** Opening MATERIAL SHOWN block **

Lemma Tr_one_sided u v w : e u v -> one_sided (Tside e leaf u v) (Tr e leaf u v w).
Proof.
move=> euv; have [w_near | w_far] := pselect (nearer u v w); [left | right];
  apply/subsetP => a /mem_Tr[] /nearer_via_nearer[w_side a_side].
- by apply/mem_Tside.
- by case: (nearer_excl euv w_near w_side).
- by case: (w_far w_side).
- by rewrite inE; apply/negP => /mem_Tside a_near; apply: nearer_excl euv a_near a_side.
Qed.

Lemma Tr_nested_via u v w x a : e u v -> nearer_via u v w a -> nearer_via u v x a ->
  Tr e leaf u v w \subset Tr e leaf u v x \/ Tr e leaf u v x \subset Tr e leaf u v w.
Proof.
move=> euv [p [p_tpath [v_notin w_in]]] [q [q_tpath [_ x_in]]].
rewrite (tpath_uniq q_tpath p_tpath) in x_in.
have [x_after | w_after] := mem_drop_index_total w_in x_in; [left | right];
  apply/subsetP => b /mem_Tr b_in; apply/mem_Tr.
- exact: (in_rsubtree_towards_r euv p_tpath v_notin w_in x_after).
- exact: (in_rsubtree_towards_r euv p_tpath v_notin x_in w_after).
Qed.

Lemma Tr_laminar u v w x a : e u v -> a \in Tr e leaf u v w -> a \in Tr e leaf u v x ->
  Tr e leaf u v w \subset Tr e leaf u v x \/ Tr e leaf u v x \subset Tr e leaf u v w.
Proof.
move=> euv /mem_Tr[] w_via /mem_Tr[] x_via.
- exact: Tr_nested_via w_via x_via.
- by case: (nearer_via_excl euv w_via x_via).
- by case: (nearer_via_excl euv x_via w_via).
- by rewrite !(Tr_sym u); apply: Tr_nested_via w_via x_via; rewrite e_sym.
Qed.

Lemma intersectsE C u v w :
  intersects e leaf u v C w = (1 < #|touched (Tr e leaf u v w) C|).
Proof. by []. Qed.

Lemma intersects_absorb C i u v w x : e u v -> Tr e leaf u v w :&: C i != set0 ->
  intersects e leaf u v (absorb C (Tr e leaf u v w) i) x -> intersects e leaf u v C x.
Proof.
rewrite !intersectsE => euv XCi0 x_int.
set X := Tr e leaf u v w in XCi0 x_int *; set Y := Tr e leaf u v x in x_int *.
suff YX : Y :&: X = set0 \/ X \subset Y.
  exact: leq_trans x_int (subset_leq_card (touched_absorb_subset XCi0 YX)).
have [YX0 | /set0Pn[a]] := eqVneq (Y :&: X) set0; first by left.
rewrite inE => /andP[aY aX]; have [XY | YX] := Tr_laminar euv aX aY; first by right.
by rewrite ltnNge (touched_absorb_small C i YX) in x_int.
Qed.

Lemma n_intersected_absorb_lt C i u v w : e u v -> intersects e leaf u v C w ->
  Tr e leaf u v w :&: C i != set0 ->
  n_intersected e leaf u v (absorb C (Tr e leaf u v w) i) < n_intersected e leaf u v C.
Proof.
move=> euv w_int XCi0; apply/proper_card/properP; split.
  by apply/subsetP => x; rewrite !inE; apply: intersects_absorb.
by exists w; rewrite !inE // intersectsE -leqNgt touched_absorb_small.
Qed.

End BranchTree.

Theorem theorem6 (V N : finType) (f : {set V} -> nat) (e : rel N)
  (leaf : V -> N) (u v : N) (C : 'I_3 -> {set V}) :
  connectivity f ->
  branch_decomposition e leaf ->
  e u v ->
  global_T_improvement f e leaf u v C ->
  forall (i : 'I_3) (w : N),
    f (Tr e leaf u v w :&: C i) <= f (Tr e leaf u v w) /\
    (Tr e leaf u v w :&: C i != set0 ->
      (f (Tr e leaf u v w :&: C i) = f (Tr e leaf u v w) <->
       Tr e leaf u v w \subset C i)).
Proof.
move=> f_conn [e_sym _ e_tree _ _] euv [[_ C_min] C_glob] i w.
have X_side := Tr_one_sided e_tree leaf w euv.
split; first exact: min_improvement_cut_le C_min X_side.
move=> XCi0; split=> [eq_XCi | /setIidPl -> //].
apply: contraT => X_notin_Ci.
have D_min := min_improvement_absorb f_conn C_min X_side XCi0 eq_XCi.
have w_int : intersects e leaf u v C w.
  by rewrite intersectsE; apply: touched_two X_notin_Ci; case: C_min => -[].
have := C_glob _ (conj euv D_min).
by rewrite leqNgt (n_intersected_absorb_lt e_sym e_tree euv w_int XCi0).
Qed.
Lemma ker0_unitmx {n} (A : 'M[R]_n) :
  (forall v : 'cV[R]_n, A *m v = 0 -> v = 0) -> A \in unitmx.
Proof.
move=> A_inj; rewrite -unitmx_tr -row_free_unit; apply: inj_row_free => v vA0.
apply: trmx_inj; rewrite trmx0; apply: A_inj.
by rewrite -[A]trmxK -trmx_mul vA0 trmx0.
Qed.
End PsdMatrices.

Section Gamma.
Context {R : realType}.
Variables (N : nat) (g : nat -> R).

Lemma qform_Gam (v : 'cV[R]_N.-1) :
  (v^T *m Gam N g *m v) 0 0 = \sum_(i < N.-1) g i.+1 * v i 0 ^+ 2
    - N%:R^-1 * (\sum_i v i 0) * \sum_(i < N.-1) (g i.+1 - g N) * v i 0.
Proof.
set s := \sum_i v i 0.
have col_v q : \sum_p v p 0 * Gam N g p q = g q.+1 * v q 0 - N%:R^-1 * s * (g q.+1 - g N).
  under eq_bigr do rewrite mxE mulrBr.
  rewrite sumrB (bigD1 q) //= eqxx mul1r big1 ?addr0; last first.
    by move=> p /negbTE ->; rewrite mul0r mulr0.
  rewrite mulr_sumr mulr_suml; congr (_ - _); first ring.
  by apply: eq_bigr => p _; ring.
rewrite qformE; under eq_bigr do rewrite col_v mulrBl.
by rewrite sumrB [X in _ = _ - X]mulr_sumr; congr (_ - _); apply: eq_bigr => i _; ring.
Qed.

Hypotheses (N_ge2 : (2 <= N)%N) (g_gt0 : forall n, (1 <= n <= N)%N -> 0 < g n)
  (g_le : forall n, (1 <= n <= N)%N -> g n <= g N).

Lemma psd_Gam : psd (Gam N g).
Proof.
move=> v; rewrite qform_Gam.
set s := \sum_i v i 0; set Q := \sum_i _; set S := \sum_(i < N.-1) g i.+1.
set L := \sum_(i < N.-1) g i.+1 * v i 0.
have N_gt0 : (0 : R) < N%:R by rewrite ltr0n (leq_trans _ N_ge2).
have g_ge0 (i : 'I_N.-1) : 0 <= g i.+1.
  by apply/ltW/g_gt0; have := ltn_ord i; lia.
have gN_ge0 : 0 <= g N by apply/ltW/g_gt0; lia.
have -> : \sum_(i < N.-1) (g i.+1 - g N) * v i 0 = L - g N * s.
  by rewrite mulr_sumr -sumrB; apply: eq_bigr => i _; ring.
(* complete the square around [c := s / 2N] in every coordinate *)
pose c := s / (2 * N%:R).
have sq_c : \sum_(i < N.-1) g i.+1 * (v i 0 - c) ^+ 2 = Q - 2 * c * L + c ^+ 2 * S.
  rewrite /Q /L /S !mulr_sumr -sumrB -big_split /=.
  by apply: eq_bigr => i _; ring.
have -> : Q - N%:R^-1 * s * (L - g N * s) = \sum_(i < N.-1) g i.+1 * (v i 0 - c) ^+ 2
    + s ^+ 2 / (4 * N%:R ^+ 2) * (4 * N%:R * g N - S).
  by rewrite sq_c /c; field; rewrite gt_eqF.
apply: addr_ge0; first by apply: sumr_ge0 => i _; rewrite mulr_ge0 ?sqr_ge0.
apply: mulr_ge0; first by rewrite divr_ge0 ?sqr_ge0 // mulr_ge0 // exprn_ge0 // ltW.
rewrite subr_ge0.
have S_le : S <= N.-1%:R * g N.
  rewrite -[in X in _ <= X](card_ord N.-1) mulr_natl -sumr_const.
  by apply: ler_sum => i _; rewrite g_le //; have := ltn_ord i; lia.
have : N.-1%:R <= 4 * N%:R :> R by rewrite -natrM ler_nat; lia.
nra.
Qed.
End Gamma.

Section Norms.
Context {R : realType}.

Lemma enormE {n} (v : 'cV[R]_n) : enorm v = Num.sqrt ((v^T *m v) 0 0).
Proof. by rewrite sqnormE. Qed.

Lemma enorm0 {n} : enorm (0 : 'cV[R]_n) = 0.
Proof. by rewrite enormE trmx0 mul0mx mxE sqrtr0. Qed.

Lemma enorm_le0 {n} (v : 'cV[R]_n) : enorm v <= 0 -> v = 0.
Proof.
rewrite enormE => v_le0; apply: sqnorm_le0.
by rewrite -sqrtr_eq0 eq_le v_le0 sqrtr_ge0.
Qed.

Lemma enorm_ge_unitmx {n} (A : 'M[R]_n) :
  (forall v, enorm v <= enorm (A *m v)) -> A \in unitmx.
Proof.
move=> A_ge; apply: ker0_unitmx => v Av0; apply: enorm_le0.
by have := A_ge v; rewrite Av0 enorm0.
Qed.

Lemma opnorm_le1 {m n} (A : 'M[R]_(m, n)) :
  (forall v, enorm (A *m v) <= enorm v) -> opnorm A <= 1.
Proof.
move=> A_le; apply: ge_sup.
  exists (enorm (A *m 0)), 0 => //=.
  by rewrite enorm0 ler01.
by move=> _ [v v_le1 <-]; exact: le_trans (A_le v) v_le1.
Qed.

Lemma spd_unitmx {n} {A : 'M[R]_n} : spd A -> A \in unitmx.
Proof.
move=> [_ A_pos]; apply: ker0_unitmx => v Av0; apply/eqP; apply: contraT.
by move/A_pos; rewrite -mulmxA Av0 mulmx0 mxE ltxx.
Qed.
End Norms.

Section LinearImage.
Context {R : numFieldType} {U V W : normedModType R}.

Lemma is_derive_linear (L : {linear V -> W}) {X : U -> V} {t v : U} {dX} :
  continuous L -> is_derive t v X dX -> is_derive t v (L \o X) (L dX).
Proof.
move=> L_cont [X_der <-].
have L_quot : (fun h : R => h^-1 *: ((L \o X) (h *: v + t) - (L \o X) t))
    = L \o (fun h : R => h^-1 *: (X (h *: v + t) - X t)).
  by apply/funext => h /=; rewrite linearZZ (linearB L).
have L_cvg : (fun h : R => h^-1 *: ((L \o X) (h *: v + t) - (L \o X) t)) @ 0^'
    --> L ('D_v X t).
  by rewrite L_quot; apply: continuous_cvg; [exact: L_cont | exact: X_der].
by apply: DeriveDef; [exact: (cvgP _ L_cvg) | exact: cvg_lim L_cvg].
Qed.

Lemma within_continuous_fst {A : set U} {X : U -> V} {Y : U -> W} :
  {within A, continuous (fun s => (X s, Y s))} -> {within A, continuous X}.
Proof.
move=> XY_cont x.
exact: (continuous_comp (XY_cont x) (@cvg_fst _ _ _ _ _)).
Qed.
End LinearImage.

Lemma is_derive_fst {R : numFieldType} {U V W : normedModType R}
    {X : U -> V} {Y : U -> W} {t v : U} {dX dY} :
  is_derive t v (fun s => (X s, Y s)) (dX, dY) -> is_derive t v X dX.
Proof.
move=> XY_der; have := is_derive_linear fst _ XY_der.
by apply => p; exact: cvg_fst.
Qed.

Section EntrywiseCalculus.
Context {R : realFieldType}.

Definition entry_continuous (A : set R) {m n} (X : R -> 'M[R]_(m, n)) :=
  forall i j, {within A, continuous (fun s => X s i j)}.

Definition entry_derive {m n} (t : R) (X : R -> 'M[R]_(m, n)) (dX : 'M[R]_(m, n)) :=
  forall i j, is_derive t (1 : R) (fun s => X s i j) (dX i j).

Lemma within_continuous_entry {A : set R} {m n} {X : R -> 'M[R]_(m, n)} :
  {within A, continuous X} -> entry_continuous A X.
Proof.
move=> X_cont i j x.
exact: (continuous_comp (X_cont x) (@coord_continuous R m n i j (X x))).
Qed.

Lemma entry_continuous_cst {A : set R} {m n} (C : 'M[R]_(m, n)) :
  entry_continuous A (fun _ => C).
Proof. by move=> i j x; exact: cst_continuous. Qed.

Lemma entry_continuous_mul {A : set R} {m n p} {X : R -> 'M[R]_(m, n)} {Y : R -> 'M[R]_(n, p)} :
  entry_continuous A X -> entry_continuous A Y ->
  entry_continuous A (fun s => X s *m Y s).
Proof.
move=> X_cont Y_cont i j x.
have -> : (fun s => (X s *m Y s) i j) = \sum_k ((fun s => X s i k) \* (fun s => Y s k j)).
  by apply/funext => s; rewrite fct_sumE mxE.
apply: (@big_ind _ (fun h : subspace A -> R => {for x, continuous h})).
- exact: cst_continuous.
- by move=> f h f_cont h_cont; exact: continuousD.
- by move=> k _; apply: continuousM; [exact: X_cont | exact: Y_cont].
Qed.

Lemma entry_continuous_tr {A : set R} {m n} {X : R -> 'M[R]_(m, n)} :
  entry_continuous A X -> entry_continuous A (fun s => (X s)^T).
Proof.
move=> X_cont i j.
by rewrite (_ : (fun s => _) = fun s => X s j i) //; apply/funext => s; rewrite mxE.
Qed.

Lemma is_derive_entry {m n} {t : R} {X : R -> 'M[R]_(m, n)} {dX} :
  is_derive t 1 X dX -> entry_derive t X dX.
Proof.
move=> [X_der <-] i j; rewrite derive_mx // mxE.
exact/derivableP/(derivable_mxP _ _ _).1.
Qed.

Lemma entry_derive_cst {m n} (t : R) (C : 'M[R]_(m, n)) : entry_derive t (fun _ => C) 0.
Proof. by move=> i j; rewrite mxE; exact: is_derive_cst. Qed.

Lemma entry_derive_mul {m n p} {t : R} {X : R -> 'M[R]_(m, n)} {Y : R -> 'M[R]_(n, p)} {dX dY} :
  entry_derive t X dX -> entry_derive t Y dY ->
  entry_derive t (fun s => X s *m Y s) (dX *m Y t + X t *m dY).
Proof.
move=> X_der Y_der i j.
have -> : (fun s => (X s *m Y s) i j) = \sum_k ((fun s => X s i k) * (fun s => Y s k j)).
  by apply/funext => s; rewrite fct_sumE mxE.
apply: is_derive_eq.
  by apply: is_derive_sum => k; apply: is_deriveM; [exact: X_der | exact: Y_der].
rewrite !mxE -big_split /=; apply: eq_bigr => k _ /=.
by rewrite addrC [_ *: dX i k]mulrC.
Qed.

** Closing MATERIAL SHOWN block **

▸ YOUR OBJECTIVE
Please reproduce exactly the lines from the first one of the records above through the line containing "- exact: (in_rsubtree_towards_r euv p_tpath v_notin w_in", both included, and nothing else.

▸ ANSWER
Lemma Tr_one_sided u v w : e u v -> one_sided (Tside e leaf u v) (Tr e leaf u v w).
Proof.
move=> euv; have [w_near | w_far] := pselect (nearer u v w); [left | right];
  apply/subsetP => a /mem_Tr[] /nearer_via_nearer[w_side a_side].
- by apply/mem_Tside.
- by case: (nearer_excl euv w_near w_side).
- by case: (w_far w_side).
- by rewrite inE; apply/negP => /mem_Tside a_near; apply: nearer_excl euv a_near a_side.
Qed.

Lemma Tr_nested_via u v w x a : e u v -> nearer_via u v w a -> nearer_via u v x a ->
  Tr e leaf u v w \subset Tr e leaf u v x \/ Tr e leaf u v x \subset Tr e leaf u v w.
Proof.
move=> euv [p [p_tpath [v_notin w_in]]] [q [q_tpath [_ x_in]]].
rewrite (tpath_uniq q_tpath p_tpath) in x_in.
have [x_after | w_after] := mem_drop_index_total w_in x_in; [left | right];
  apply/subsetP => b /mem_Tr b_in; apply/mem_Tr.
- exact: (in_rsubtree_towards_r euv p_tpath v_notin w_in x_after).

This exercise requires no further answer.